Dataset entries
::::::::::

(* Let $n\ge 1$ and let $\mathcal P(n,1,1)$ be the set of lattice paths with steps $(1,1)$ (up) and $(1,-1)$ (down) from $(0,0)$ to $(2n+1,1)$. (1) For each $k=1,2,\dots,n+1$, the number of paths in $\mathcal P(n,1,1)$ that start with an up step and have exactly $k$ up steps starting on or below the $x$-axis is $\frac{1}{n+1}\binom{2n}{n}$. (2) For each $k=1,2,\dots,n$, the number of paths in $\mathcal P(n,1,1)$ that start with a down step and have exactly $k$ down steps starting on or below the $x$-axis is $\frac{1}{n}\binom{2n}{n-1}$. (3) For each $k=1,2,\dots,2n+1$, the number of paths in $\mathcal P(n,1,1)$ with exactly $k$ vertices on or below the $x$-axis is $\frac{1}{2n+1}\binom{2n+1}{n}$.
   Context: A step starts on or below the $x$-axis if its initial vertex has $y$-coordinate $\le 0$. A vertex is on or below the $x$-axis if its $y$-coordinate is $\le 0$ (the final vertex, at height $1$, is never counted). *)

From mathcomp Require Import all_boot all_order all_algebra.
Set Implicit Arguments. Unset Strict Implicit. Unset Printing Implicit Defensive.
Import Order.TTheory GRing.Theory Num.Theory.

Local Open Scope ring_scope.

(* A path is a boolean word: true = up step (1,1), false = down step (1,-1). *)
Definition step (b : bool) : int := if b then 1 else -1.

Definition height (s : seq bool) : int := \sum_(b <- s) step b.

(* The i-th vertex (i = 0..size p) has height  height (take i p);
   step i starts at vertex i. *)

Definition ups_low (p : seq bool) : nat :=
  count (fun i => nth false p i && (height (take i p) <= 0)) (iota 0 (size p)).

Definition downs_low (p : seq bool) : nat :=
  count (fun i => ~~ nth false p i && (height (take i p) <= 0)) (iota 0 (size p)).

(* number of vertices on or below the x-axis; vertices 0..size p - 1
   (the final vertex, at height 1 for paths in P(n,1,1), is never counted) *)
Definition verts_low (p : seq bool) : nat :=
  count (fun i => height (take i p) <= 0) (iota 0 (size p)).

Definition P11 (n : nat) : {set (2 * n + 1)%N.-tuple bool} :=
  [set p : (2 * n + 1)%N.-tuple bool | height p == 1].

From mathcomp Require Import all_boot all_order all_algebra.
From mathcomp Require Import zify ring.
Set Implicit Arguments. Unset Strict Implicit. Unset Printing Implicit Defensive.
Import Order.TTheory GRing.Theory Num.Theory.
Local Open Scope ring_scope.

(* Order the vertices 0, ..., m-1 of a word s of length m
   ending at height 1 by height, ties broken in favour of later vertices.  The
   rotation of s starting at vertex j has a vertex on or below the axis
   exactly where s has a vertex not above j in this order: the wrapped-around
   part is shifted down by the final height 1, which is what the tie-break
   accounts for.  So, among the steps of a fixed kind, the number starting low
   in the rotation at such a step j is the rank of j, and as j ranges over
   these steps the rank takes each value 1, ..., #steps exactly once.  Double
   counting pairs (rotation, path) shows that each admissible value is taken
   on exactly 1/(2n+1) of P(n,1,1). *)

Definition low_count (q : pred bool) (s : seq bool) : nat :=
  count (fun i => q (nth false s i) && (height (take i s) <= 0)) (iota 0 (size s)).

Lemma height_cat s1 s2 : height (s1 ++ s2) = height s1 + height s2.
Proof. by rewrite /height big_cat. Qed.

Lemma height_count s : height s = 2 * (count id s)%:Z - (size s)%:Z.
Proof.
elim: s => [|b s IH]; first by rewrite /height big_nil.
by rewrite /height big_cons -/(height s) IH; case: b => /=; rewrite /step; lia.
Qed.

Lemma height_rotr j s : height (rotr j s) = height s.
Proof. by rewrite /height (perm_big s) // perm_rotr. Qed.

Lemma height_take_rot_lo j i s : (j <= size s)%N -> (i <= size s - j)%N ->
  height (take i (rot j s)) = height (take (j + i) s) - height (take j s).
Proof.
move=> hj hi; rewrite /rot takel_cat ?size_drop // take_drop [(j + i)%N]addnC.
rewrite -{2}(cat_take_drop j (take (i + j) s)) height_cat take_takel ?leq_addl //.
by ring.
Qed.

Lemma height_take_rot_hi j i s : (j <= size s)%N -> (size s - j <= i <= size s)%N ->
  height (take i (rot j s)) =
  height s - height (take j s) + height (take (i - (size s - j)) s).
Proof.
move=> hj /andP[h1 h2]; rewrite /rot take_cat size_drop ltnNge h1 /=.
rewrite height_cat take_takel; last by lia.
by rewrite -[in height s](cat_take_drop j s) height_cat; ring.
Qed.

Lemma nth_rot0 j (s : seq bool) : (j < size s)%N -> nth false (rot j s) 0 = nth false s j.
Proof. by move=> hj; rewrite /rot nth_cat size_drop subn_gt0 hj nth_drop addn0. Qed.

Section TieBreak.

Variables (m : nat) (a b : int).

Lemma ler_tiebreak_le (t j : nat) : (j <= t < m)%N ->
  (a - b <= 0) = (m%:Z * a - t%:Z <= m%:Z * b - j%:Z).
Proof.
move=> /andP[h1 h2]; apply/idP/idP => H.
  have : m%:Z * (a - b) <= 0 by nia.
  by nia.
case: (lerP (a - b) 0) => // H2; exfalso.
have : m%:Z * (a - b - 1) >= 0 by nia.
by nia.
Qed.

Lemma ler_tiebreak_gt (t j : nat) : (t < j < m)%N ->
  (1 - b + a <= 0) = (m%:Z * a - t%:Z <= m%:Z * b - j%:Z).
Proof.
move=> /andP[h1 h2]; apply/idP/idP => H.
  have : m%:Z * (a - b + 1) <= 0 by nia.
  by nia.
case: (lerP (1 - b + a) 0) => // H2; exfalso.
have : m%:Z * (a - b) >= 0 by nia.
by nia.
Qed.

Lemma tiebreak_inj (t t' : nat) : (t < m)%N -> (t' < m)%N ->
  m%:Z * a - t%:Z = m%:Z * b - t'%:Z -> t = t'.
Proof.
move=> h1 h2 H; case: (ltrgtP a b) => H2.
- have : m%:Z * (b - a - 1) >= 0 by nia.
  by nia.
- have : m%:Z * (a - b - 1) >= 0 by nia.
  by nia.
- by subst; lia.
Qed.

End TieBreak.

Section CycleLemma.

Variables (q : pred bool) (s : seq bool).

Definition vertex_key t : int := (size s)%:Z * height (take t s) - t%:Z.

Definition below_key j t := q (nth false s t) && (vertex_key t <= vertex_key j).

Definition key_rank j := count (below_key j) (iota 0 (size s)).

Lemma vertex_key_inj j j' : (j < size s)%N -> (j' < size s)%N ->
  vertex_key j = vertex_key j' -> j = j'.
Proof. exact: tiebreak_inj. Qed.

Lemma key_rank_lt j j' : vertex_key j < vertex_key j' -> (j' < size s)%N ->
  q (nth false s j') -> (key_rank j < key_rank j')%N.
Proof.
move=> lt_jj' hj' qj'.
have := count_predUI (below_key j) (pred1 j') (iota 0 (size s)).
rewrite (count_uniq_mem _ (iota_uniq _ _)) mem_iota hj'.
rewrite (@eq_count _ (predI _ _) pred0); last first.
  move=> t /=; rewrite /below_key; case: eqP => [->|]; last by rewrite andbF.
  by rewrite andbT leNgt lt_jj' andbF.
rewrite count_pred0 addn0 addn1 => <-; apply: sub_count => t /=.
rewrite /below_key; case/orP => [/andP[-> le_tj]|/eqP ->]; last by rewrite qj' lexx.
exact: le_trans le_tj (ltW lt_jj').
Qed.

Lemma key_rank_inj j j' : (j < size s)%N -> (j' < size s)%N ->
  q (nth false s j) -> q (nth false s j') -> key_rank j = key_rank j' -> j = j'.
Proof.
move=> hj hj' qj qj' e.
case: (ltrgtP (vertex_key j) (vertex_key j')) => H.
- by have := key_rank_lt H hj' qj'; rewrite e ltnn.
- by have := key_rank_lt H hj qj; rewrite e ltnn.
- exact: vertex_key_inj H.
Qed.

Lemma key_rank_bounds j : (j < size s)%N -> q (nth false s j) ->
  (0 < key_rank j <= count q s)%N.
Proof.
move=> hj qj; apply/andP; split.
  rewrite -has_count; apply/hasP; exists j; first by rewrite mem_iota.
  by rewrite /below_key qj lexx.
rewrite -[X in count q X](mkseq_nth false s) count_map; apply: sub_count => t.
by case/andP.
Qed.

Hypothesis height_s : height s = 1.

Lemma low_count_rot j : (j < size s)%N -> low_count q (rot j s) = key_rank j.
Proof.
move=> hj; rewrite /low_count size_rot.
have -> : iota 0 (size s) = iota 0 (size s - j) ++ iota (size s - j) j.
  by rewrite -iotaD subnK // ltnW.
rewrite /key_rank (_ : iota 0 (size s) = iota 0 j ++ iota j (size s - j)); last first.
  by rewrite -iotaD subnKC // ltnW.
rewrite !count_cat addnC; congr (_ + _)%N.
- rewrite -[in LHS](addn0 (size s - j)%N) iotaDl count_map; apply: eq_in_count => t.
  rewrite mem_iota /= add0n => ht.
  have ht' : (size s - j <= size s - j + t <= size s)%N by rewrite leq_addr /=; lia.
  rewrite height_take_rot_hi ?(ltnW hj) // addKn height_s.
  rewrite /rot nth_cat size_drop ltnNge leq_addr /= addKn nth_take //.
  by congr (_ && _); apply: ler_tiebreak_gt; lia.
- rewrite -[X in _ = count _ (iota X _)](addn0 j) iotaDl count_map; apply: eq_in_count => i.
  rewrite mem_iota /= add0n => hi.
  rewrite height_take_rot_lo ?(ltnW hj) ?(ltnW hi) //.
  rewrite /rot nth_cat size_drop hi nth_drop /below_key /vertex_key.
  by congr (_ && _); apply: ler_tiebreak_le; lia.
Qed.

Lemma cycle_lemma k : (0 < k <= count q s)%N ->
  count (fun j => q (nth false s j) && (low_count q (rot j s) == k))
        (iota 0 (size s)) = 1%N.
Proof.
move=> hk.
set L := [seq j <- iota 0 (size s) | q (nth false s j)].
have memL j : (j \in L) = (j < size s)%N && q (nth false s j).
  by rewrite mem_filter mem_iota andbC.
have size_L : size L = count q s.
  by rewrite size_filter -[X in count q X](mkseq_nth false s) count_map.
have uniq_ranks : uniq (map key_rank L).
  rewrite map_inj_in_uniq ?filter_uniq ?iota_uniq // => j j'.
  by rewrite !memL => /andP[? ?] /andP[? ?]; apply: key_rank_inj.
have ranks_sub : {subset map key_rank L <= iota 1 (size L)}.
  move=> x /mapP[j]; rewrite memL => /andP[hj qj] ->.
  by rewrite mem_iota add1n ltnS size_L; apply: key_rank_bounds.
have [_ ranks_eq] := uniq_min_size uniq_ranks ranks_sub
  (eq_leq (etrans (size_iota _ _) (esym (size_map _ _)))).
have /mapP[j0] : k \in map key_rank L by rewrite ranks_eq mem_iota add1n ltnS size_L.
rewrite memL => /andP[hj0 qj0] rank_j0.
rewrite (@eq_in_count _ _ (pred1 j0)); last first.
  move=> j; rewrite mem_iota add0n /= => hj.
  rewrite low_count_rot // rank_j0.
  apply/idP/idP => [/andP[qj /eqP e]|/eqP ->]; last by rewrite qj0 eqxx.
  by apply/eqP; apply: key_rank_inj e.
by rewrite (count_uniq_mem _ (iota_uniq 0 (size s))) mem_iota add0n hj0.
Qed.

End CycleLemma.

Lemma card_tuple_count_true m k : #|[set t : m.-tuple bool | count id t == k]| = 'C(m, k).
Proof.
rewrite -[in RHS](card_ord m) -card_draws.
pose g (A : {set 'I_m}) : m.-tuple bool := [tuple i \in A | i < m].
have tnth_g A i : tnth (g A) i = (i \in A) by rewrite tnth_mktuple.
have g_inj : injective g by move=> A B e; apply/setP => i; rewrite -!tnth_g e.
have count_g A : count id (g A) = #|A|.
  rewrite /= count_map cardE /enum_mem size_filter.
  by rewrite (@eq_filter _ _ predT) ?filter_predT //; apply: eq_count.
rewrite -(card_imset _ g_inj); apply: eq_card => t; rewrite inE.
apply/idP/imsetP => [/eqP <-|[A]]; last by rewrite inE => /eqP <- ->; rewrite count_g.
have gt : g [set i | tnth t i] = t by apply: eq_from_tnth => i; rewrite tnth_g inE.
by exists [set i | tnth t i]; rewrite // inE -count_g gt.
Qed.

Lemma mem_P11 n (p : (2 * n + 1).-tuple bool) : (p \in P11 n) = (count id p == n.+1).
Proof. by rewrite inE height_count size_tuple; apply/eqP/eqP; lia. Qed.

Lemma card_P11 n : #|P11 n| = 'C(2 * n + 1, n).
Proof.
rewrite (@eq_card _ _ [set t : (2 * n + 1).-tuple bool | count id t == n.+1]);
  last by move=> p; rewrite mem_P11 inE.
by rewrite card_tuple_count_true -bin_sub; [congr 'C(_, _)|]; lia.
Qed.

Lemma sum_nat_mem_card (T : finType) (A : {set T}) : (\sum_(x : T) (x \in A : nat))%N = #|A|.
Proof. by rewrite -sum1_card [in RHS]big_mkcond; apply: eq_bigr => x _; case: (x \in A). Qed.

Lemma card_P11_low_count n (q : pred bool) k :
  (forall p : (2 * n + 1).-tuple bool, p \in P11 n -> (0 < k <= count q p)%N) ->
  (#|[set p in P11 n | q (nth false p 0) && (low_count q p == k)]| * (2 * n + 1)
    = 'C(2 * n + 1, n))%N.
Proof.
move=> hk; set m := (2 * n + 1)%N; set S := [set p in P11 n | _].
pose B (j : 'I_m) (p : m.-tuple bool) : bool :=
  (p \in P11 n) && q (nth false p j) && (low_count q (rot j p) == k).
have by_rotation j : (\sum_(p : m.-tuple bool) (B j p : nat))%N = #|S|.
  have rotr_inj : injective (fun p : m.-tuple bool => [tuple of rotr j p]).
    by move=> x y /(congr1 val) /(congr1 (rot j)); rewrite /= !rotrK => /val_inj.
  rewrite (reindex_inj rotr_inj) -sum_nat_mem_card; apply: eq_bigr => p _.
  rewrite /B /= rotrK !inE height_rotr -andbA.
  by rewrite -(@nth_rot0 j (rotr j p)) ?rotrK ?size_rotr ?size_tuple.
have by_path p : (\sum_(j : 'I_m) (B j p : nat))%N = (p \in P11 n).
  rewrite /B; case hp: (p \in P11 n) => /=; last by rewrite big1.
  rewrite -(big_mkord xpredT (fun j => q (nth false p j) && (low_count q (rot j p) == k) : nat)).
  move: hp; rewrite inE => /eqP height_p.
  rewrite -(cycle_lemma height_p (hk p _)); last by rewrite inE height_p.
  rewrite size_tuple -sum1_count [in RHS]big_mkcond /index_iota subn0.
  by apply: eq_bigr => i _; case: ifP.
have : (\sum_(j : 'I_m) \sum_(p : m.-tuple bool) (B j p : nat) =
         \sum_(p : m.-tuple bool) \sum_(j : 'I_m) (B j p : nat))%N by apply: exchange_big.
rewrite (eq_bigr _ (fun j _ => by_rotation j)) (eq_bigr _ (fun p _ => by_path p)).
by rewrite sum_nat_mem_card sum_nat_const card_ord card_P11 mulnC.
Qed.

Lemma natr_eq_div (c d e : nat) : (0 < d)%N -> (c * d = e)%N -> (c%:R : rat) = e%:R / d%:R.
Proof. by move=> hd <-; rewrite natrM mulfK // pnatr_eq0 -lt0n. Qed.

Lemma bin_odd_central n :
  ('C(2 * n + 1, n)%:R / (2 * n + 1)%:R : rat) = 'C(2 * n, n)%:R / (n + 1)%:R.
Proof.
apply/eqP; rewrite eqr_div ?pnatr_eq0 ?addn1 // -!natrM -addn1; apply/eqP; congr _%:R.
have := mul_bin_down (2 * n + 1) n.
by rewrite addn1 /= -addn1 (_ : 2 * n + 1 - n = n + 1)%N; lia.
Qed.

Lemma bin_odd_central_pred n : (0 < n)%N ->
  ('C(2 * n + 1, n)%:R / (2 * n + 1)%:R : rat) = 'C(2 * n, n.-1)%:R / n%:R.
Proof.
move=> n_gt0; apply/eqP; rewrite eqr_div ?pnatr_eq0 ?addn1 -?lt0n // -!natrM -addn1.
apply/eqP; congr _%:R.
have := mul_bin_diag (2 * n + 1) n.-1.
by rewrite addn1 /= -addn1 prednK //; lia.
Qed.
Theorem theorem5 (n : nat) : (1 <= n)%N ->
  (forall k : nat, (1 <= k <= n + 1)%N ->
     (#|[set p in P11 n | (head false p) && (ups_low p == k)]|%:R : rat)
       = 'C(2 * n, n)%:R / (n + 1)%:R) /\
  (forall k : nat, (1 <= k <= n)%N ->
     (#|[set p in P11 n | (~~ head true p) && (downs_low p == k)]|%:R : rat)
       = 'C(2 * n, n.-1)%:R / n%:R) /\
  (forall k : nat, (1 <= k <= 2 * n + 1)%N ->
     (#|[set p in P11 n | verts_low p == k]|%:R : rat)
       = 'C(2 * n + 1, n)%:R / (2 * n + 1)%:R).
Proof.
move=> n_gt0; have m_gt0 : (0 < 2 * n + 1)%N by rewrite addn1.
split; [|split] => k hk.
- rewrite -bin_odd_central; apply: natr_eq_div => //.
  apply: (card_P11_low_count (q := id)) => p; rewrite mem_P11 => /eqP ->; lia.
- rewrite -bin_odd_central_pred //; apply: natr_eq_div => //.
  rewrite -(card_P11_low_count (q := negb) (k := k)); last first.
    move=> p; rewrite mem_P11 => /eqP count_up.
    have := count_predC id p; rewrite count_up size_tuple (@eq_count _ _ negb) //.
    by lia.
  congr (_ * _)%N; apply: eq_card => p; rewrite !inE.
  by case: p => -[|b s] //=; rewrite addn1.
- apply: natr_eq_div => //.
  rewrite -(card_P11_low_count (q := predT) (k := k)); last first.
    by move=> p _; rewrite count_predT size_tuple; lia.
  by congr (_ * _)%N; apply: eq_card => p; rewrite !inE.
Qed.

::::::::::

WORK INSTRUCTIONS ▸ Filter the data down to the lines that contain the string "Section", and copy them.

ANSWER FOR THE TASK ▸
Section TieBreak.
Section CycleLemma.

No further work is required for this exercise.